# REQUIRED ACTION
Please return the lines, both ends included, that run from the one containing "apply (zero_derivative_const (fun" to the last line of the data below, exactly and alone.

# INFORMATION SHOWN
········

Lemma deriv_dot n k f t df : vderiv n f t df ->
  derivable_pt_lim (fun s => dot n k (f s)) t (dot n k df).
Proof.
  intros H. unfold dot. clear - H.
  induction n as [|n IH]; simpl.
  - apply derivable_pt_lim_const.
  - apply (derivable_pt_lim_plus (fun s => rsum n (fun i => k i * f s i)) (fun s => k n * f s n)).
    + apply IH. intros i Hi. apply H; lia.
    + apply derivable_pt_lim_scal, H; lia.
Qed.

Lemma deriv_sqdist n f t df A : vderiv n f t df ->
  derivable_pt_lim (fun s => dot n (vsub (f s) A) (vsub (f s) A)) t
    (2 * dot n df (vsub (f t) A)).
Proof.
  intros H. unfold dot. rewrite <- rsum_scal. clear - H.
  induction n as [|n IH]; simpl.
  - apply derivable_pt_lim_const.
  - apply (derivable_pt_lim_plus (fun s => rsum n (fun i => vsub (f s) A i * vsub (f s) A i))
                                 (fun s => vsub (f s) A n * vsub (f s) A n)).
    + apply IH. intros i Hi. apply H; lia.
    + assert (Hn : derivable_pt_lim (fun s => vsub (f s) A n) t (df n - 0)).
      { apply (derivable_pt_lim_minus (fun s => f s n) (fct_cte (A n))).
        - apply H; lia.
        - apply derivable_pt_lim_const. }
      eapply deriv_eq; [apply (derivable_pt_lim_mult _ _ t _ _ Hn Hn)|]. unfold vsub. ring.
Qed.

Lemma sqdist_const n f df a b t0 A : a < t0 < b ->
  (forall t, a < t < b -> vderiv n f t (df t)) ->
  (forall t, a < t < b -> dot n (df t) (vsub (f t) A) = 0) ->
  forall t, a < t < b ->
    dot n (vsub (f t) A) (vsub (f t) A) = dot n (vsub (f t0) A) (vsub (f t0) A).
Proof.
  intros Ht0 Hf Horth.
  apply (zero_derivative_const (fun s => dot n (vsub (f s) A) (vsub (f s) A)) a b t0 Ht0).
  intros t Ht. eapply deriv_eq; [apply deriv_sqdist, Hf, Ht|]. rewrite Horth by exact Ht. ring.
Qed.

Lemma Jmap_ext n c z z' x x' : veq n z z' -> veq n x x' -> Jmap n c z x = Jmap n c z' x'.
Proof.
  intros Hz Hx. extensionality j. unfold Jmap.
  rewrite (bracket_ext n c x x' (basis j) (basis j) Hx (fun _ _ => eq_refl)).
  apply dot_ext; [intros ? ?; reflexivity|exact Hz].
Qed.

········

# TASK RESPONSE
  apply (zero_derivative_const (fun s => dot n (vsub (f s) A) (vsub (f s) A)) a b t0 Ht0).
  intros t Ht. eapply deriv_eq; [apply deriv_sqdist, Hf, Ht|]. rewrite Horth by exact Ht. ring.
Qed.

Lemma Jmap_ext n c z z' x x' : veq n z z' -> veq n x x' -> Jmap n c z x = Jmap n c z' x'.
Proof.
  intros Hz Hx. extensionality j. unfold Jmap.
  rewrite (bracket_ext n c x x' (basis j) (basis j) Hx (fun _ _ => eq_refl)).
  apply dot_ext; [intros ? ?; reflexivity|exact Hz].
Qed.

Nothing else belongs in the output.